» Exercise: Starting at the line that contains "- (w j * ln (t j)) / ln 2.", set down each line exactly until the records end, keeping both ends and adding nothing.

BEGIN Source records

(* Let $(X,d)$ be a pointed metric space, let $((x_i,y_i))_{i\in I}$ be a Lipschitz interpolating family in $\widetilde X$ for $\mathrm{Lip}_0(X)$ with Lipschitz interpolation constant $M$, and let $(f_i)_{i\in I}$ be a Beurling set of functions in $\mathrm{Lip}_0(X)$ for $((x_i,y_i))_{i\in I}$. Then the bounded linear operator $R:\ell_\infty(I)\to\mathrm{Lip}_0(X)$, $R(\alpha)=\sum_{i\in I}\alpha_i f_i$ for $\alpha=(\alpha_i)_{i\in I}\in\ell_\infty(I)$, is weak*-to-weak* continuous, where $\ell_\infty(I)=\ell_1(I)^*$ and $\mathrm{Lip}_0(X)=\mathcal F(X)^*$.
   Context: All spaces are real. $(X,d)$ is a metric space with base point $0$, $\widetilde{X}=\{(x,y)\in X\times X: x\neq y\}$. $\mathrm{Lip}_0(X)$ is the Banach space of Lipschitz $f:X\to\mathbb{R}$ with $f(0)=0$, normed by $\|f\|=\sup_{(x,y)\in\widetilde X}|f(x)-f(y)|/d(x,y)$. For $x\in X$, $\delta_x\in\mathrm{Lip}_0(X)^*$ is $\delta_x(f)=f(x)$; the Lipschitz-free space $\mathcal F(X)$ is the closed linear span of $\{\delta_x\}$ in $\mathrm{Lip}_0(X)^*$, and $\mathrm{Lip}_0(X)$ is identified isometrically with $\mathcal F(X)^*$ via $f\mapsto(\gamma\mapsto\gamma(f))$; the weak* topology on $\mathrm{Lip}_0(X)$ is the one induced by this duality. For a family $((x_i,y_i))_{i\in I}$ in $\widetilde X$, its Lipschitz interpolating operator is $T:\mathrm{Lip}_0(X)\to\ell_\infty(I)$, $T(f)=\big((f(x_i)-f(y_i))/d(x_i,y_i)\big)_{i\in I}$; the family is Lipschitz interpolating for $\mathrm{Lip}_0(X)$ if $T$ is surjective, and then its Lipschitz interpolation constant is $M=\inf\{K\geq 1: \forall \alpha\in\ell_\infty(I), \|\alpha\|_\infty\le1,\ \exists f\in\mathrm{Lip}_0(X),\ \|f\|\le K,\ T(f)=\alpha\}$. A Beurling set of functions in $\mathrm{Lip}_0(X)$ for such a family is a family $(f_i)_{i\in I}$ of functions $f_i:X\to\mathbb R$ with $f_i(0)=0$, $(f_i(x_j)-f_i(y_j))/d(x_j,y_j)=\delta_{ij}$ for all $i,j\in I$, and $\sup_{(x,y)\in\widetilde X}\sum_{i\in I}|f_i(x)-f_i(y)|/d(x,y)\leq M$. (For such a set, $R$ above is a well-defined bounded linear operator into $\mathrm{Lip}_0(X)$.) *)

From mathcomp Require Import all_boot all_order all_algebra.
From mathcomp Require Import all_classical all_reals all_analysis.
Set Implicit Arguments. Unset Strict Implicit. Unset Printing Implicit Defensive.
Import Order.TTheory GRing.Theory Num.Theory.
Local Open Scope classical_set_scope.
Local Open Scope ring_scope.

Section Defs.
Variable R : realType.

Definition is_metric (X : Type) (d : X -> X -> R) : Prop :=
  (forall x y, 0 <= d x y) /\ (forall x y, d x y = 0 <-> x = y) /\
  (forall x y, d x y = d y x) /\ (forall x y z, d x z <= d x y + d y z).

Definition Lip0 (X : Type) (d : X -> X -> R) (x0 : X) (f : X -> R) : Prop :=
  f x0 = 0 /\ exists L : R, forall x y, `|f x - f y| <= L * d x y.

Definition lipnorm (X : Type) (d : X -> X -> R) (f : X -> R) : R :=
  sup [set r | exists x y, x <> y /\ r = `|f x - f y| / d x y].

Definition sumI (I : choiceType) (a : I -> R) : R :=
  fine (\esum_(i in [set: I]) (Num.max (a i) 0)%:E)
  - fine (\esum_(i in [set: I]) (Num.max (- a i) 0)%:E).

Definition linfty (I : choiceType) (a : I -> R) : Prop :=
  exists C : R, forall i, `|a i| <= C.

Definition lone (I : choiceType) (b : I -> R) : Prop :=
  (\esum_(i in [set: I]) (`|b i|)%:E < +oo)%E.

(* The Lipschitz-free space F(X): the norm closure in Lip_0(X)^* of the linear
   span of the evaluations delta_x; elements are represented by their action on
   Lip_0(X). *)
Definition freespace (X : Type) (d : X -> X -> R) (x0 : X)
  (g : (X -> R) -> R) : Prop :=
  forall e : R, 0 < e -> exists (n : nat) (a : nat -> R) (p : nat -> X),
    forall f, Lip0 d x0 f ->
      `|g f - \sum_(k < n) a k * f (p k)| <= e * lipnorm d f.

Definition wopen (V : Type) (G : set (V -> R)) (U : set V) : Prop :=
  forall v, U v -> exists (n : nat) (phi : nat -> V -> R) (e : R),
    0 < e /\ (forall k, (k < n)%N -> G (phi k)) /\
    [set w | forall k, (k < n)%N -> `|phi k w - phi k v| < e] `<=` U.

(* continuity of T restricted to the domain D (subspace topology on D) *)
Definition wcont_on (V W : Type) (GV : set (V -> R)) (GW : set (W -> R))
  (D : set V) (T : V -> W) : Prop :=
  forall U, wopen GW U -> exists U', wopen GV U' /\
    U' `&` D = (T @^-1` U) `&` D.

(* weak* topology of l_inf(I) = l_1(I)^* *)
Definition linfty_wstar (I : choiceType) : set ((I -> R) -> R) :=
  [set phi | exists b, lone b /\ phi = fun a => sumI (fun i => a i * b i)].

(* weak* topology of Lip_0(X) = F(X)^* *)
Definition lip_wstar (X : Type) (d : X -> X -> R) (x0 : X) : set ((X -> R) -> R) :=
  freespace d x0.

Definition lip_interpolating (X : Type) (d : X -> X -> R) (x0 : X)
  (I : choiceType) (x y : I -> X) : Prop :=
  (forall i, x i <> y i) /\
  forall a : I -> R, linfty a -> exists f, Lip0 d x0 f /\
    forall i, (f (x i) - f (y i)) / d (x i) (y i) = a i.

Definition interp_const (X : Type) (d : X -> X -> R) (x0 : X)
  (I : choiceType) (x y : I -> X) : R :=
  inf [set K | 1 <= K /\ forall a : I -> R, (forall i, `|a i| <= 1) ->
     exists f, Lip0 d x0 f /\ lipnorm d f <= K /\
       forall i, (f (x i) - f (y i)) / d (x i) (y i) = a i].

Definition beurling (X : Type) (d : X -> X -> R) (x0 : X)
  (I : choiceType) (x y : I -> X) (M : R) (f : I -> X -> R) : Prop :=
  (forall i, f i x0 = 0) /\
  (forall i j, (f i (x j) - f i (y j)) / d (x j) (y j) = (i == j)%:R) /\
  (forall a b, a <> b ->
     (\esum_(i in [set: I]) (`|f i a - f i b| / d a b)%:E <= M%:E)%E).

Definition Rop (X : Type) (I : choiceType) (f : I -> X -> R) (a : I -> R) : X -> R :=
  fun z => sumI (fun i => a i * f i z).

End Defs.

From Pilot Require Import Defs.
From mathcomp Require Import all_boot all_order all_algebra.
From mathcomp Require Import all_classical all_reals all_analysis.
From mathcomp Require Import finmap lra.
Import Order.TTheory GRing.Theory Num.Theory.
Set Implicit Arguments. Unset Strict Implicit. Unset Printing Implicit Defensive.
Local Open Scope classical_set_scope.
Local Open Scope ring_scope.

(* For g in the free space, the functional a |-> g (R a) is given by the
   summable sequence b_i = g (f_i).  Approximate g in norm by a finite
   combination of evaluations; tested against the sign combination
   sum_(i in F) sgn(..) f_i, whose Lipschitz constant is at most M by the
   Beurling condition, this bounds sum_(i in F) |b_i| uniformly in F and shows
   g (R a) = sum_i a_i b_i.  So the pull-back by R of a basic weak* neighbourhood
   defined by g_1, ..., g_n contains the weak* neighbourhood of l_inf defined by
   the corresponding b's, which is weak*-to-weak* continuity. *)

Lemma normr_le_scaled_eq0 (R : realFieldType) (x Q : R) : 0 <= Q ->
  (forall t, 0 < t -> `|x| <= t * Q) -> x = 0.
Proof.
move=> Q0 small; apply/eqP; rewrite -normr_le0; apply/ler_addgt0Pr => e e0.
have Q1 : 0 < Q + 1 by rewrite ltr_wpDl.
apply: le_trans (small (e / (Q + 1)) _) _; first by rewrite divr_gt0.
by rewrite add0r mulrAC ler_pdivrMr // mulrDr mulr1 lerDl ltW.
Qed.

Lemma ler_sum_normMl (R : numDomainType) (J : Type) (r : seq J) (s u : J -> R) C :
  (forall j, `|s j| <= C) -> \sum_(j <- r) `|s j * u j| <= C * \sum_(j <- r) `|u j|.
Proof.
by move=> sC; rewrite mulr_sumr; apply: ler_sum => j _; rewrite normrM ler_wpM2r.
Qed.

Section UnconditionalSums.
Variables (R : realType) (I : choiceType).
Implicit Types (u v : I -> R) (s t C : R) (F : {fset I}).
Lemma sum_proportional_alloc_served : \sum_(j | x i0 j == 1) y' i0 j = load y i0.
Proof.
rewrite -load_proportional_alloc /load (big_served (i := i0) feas) // => j x0.
by rewrite /proportional_alloc eqxx x0 mulr0 !mul0r.
Qed.

End ProportionalAlloc.

Lemma optimal_proportional_gain_le0 x y p i0 j0 : optimal x y p -> x i0 j0 = 1 ->
  \sum_(j | x i0 j == 1) w j * ln (proportional_alloc x y i0 i0 j / y i0 j) <= 0.
Proof.
move=> opt xij1; have [feas opt_ge] := opt; have [_ _ _ _ x01] := feas.
have weight_gt0 := served_weight_gt0 feas xij1.
have rate_gt0 := optimal_rate_gt0 opt.
have y_gt0 j : x i0 j = 1 -> 0 < y i0 j := optimal_alloc_gt0 opt.
have load_gt0 := optimal_load_gt0 opt xij1.
set y' := proportional_alloc x y i0.
pose t j := if x i0 j == 1 then y' i0 j / y i0 j else 1.
have t_gt0 j : 0 < t j.
  rewrite /t; case: ifP => // /eqP xj.
  by rewrite divr_gt0 ?y_gt0 ?proportional_alloc_gt0.
(* Loads, hence SINRs, are unchanged: only the rates of users served by i0 move. *)
have rate'E j : rate y' p j = rate y p j * t j.
  rewrite /t; case: eqP => xj; last first.
    have x0 : x i0 j = 0 by case: (x01 i0 j).
    by rewrite mulr1 rate_proportional_alloc_unserved.
  rewrite mulrA -(rate_proportional_alloc_served feas weight_gt0 xj) mulfK //.
  exact/lt0r_neq0/y_gt0.
have := opt_ge _ _ _ (feasible_proportional_alloc feas weight_gt0).
rewrite !objective_EFin // => [|j]; last by rewrite rate'E mulr_gt0.
rewrite lee_fin -subr_ge0 -sumrB.
have ln2_gt0 : 0 < ln (2 : R) by rewrite ln_gt0 // ltr1n.
have gainE j : w j * log2 (rate y p j) - w j * log2 (rate y' p j) =
    - (w j * ln (t j)) / ln 2.
  by rewrite rate'E /log2 lnM ?posrE //; field; rewrite gt_eqF.
under eq_bigr do rewrite gainE.
rewrite -mulr_suml sumrN pmulr_lge0 ?invr_gt0 // oppr_ge0.
rewrite (big_served (i := i0) feas) => [|j x0]; last first.
  by rewrite /t x0 eq_sym oner_eq0 ln1 mulr0.
by under eq_bigr => j xj do rewrite /t xj /=.
Qed.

END Source records

» Solution for this exercise:
    - (w j * ln (t j)) / ln 2.
  by rewrite rate'E /log2 lnM ?posrE //; field; rewrite gt_eqF.
under eq_bigr do rewrite gainE.
rewrite -mulr_suml sumrN pmulr_lge0 ?invr_gt0 // oppr_ge0.
rewrite (big_served (i := i0) feas) => [|j x0]; last first.
  by rewrite /t x0 eq_sym oner_eq0 ln1 mulr0.
by under eq_bigr => j xj do rewrite /t xj /=.
Qed.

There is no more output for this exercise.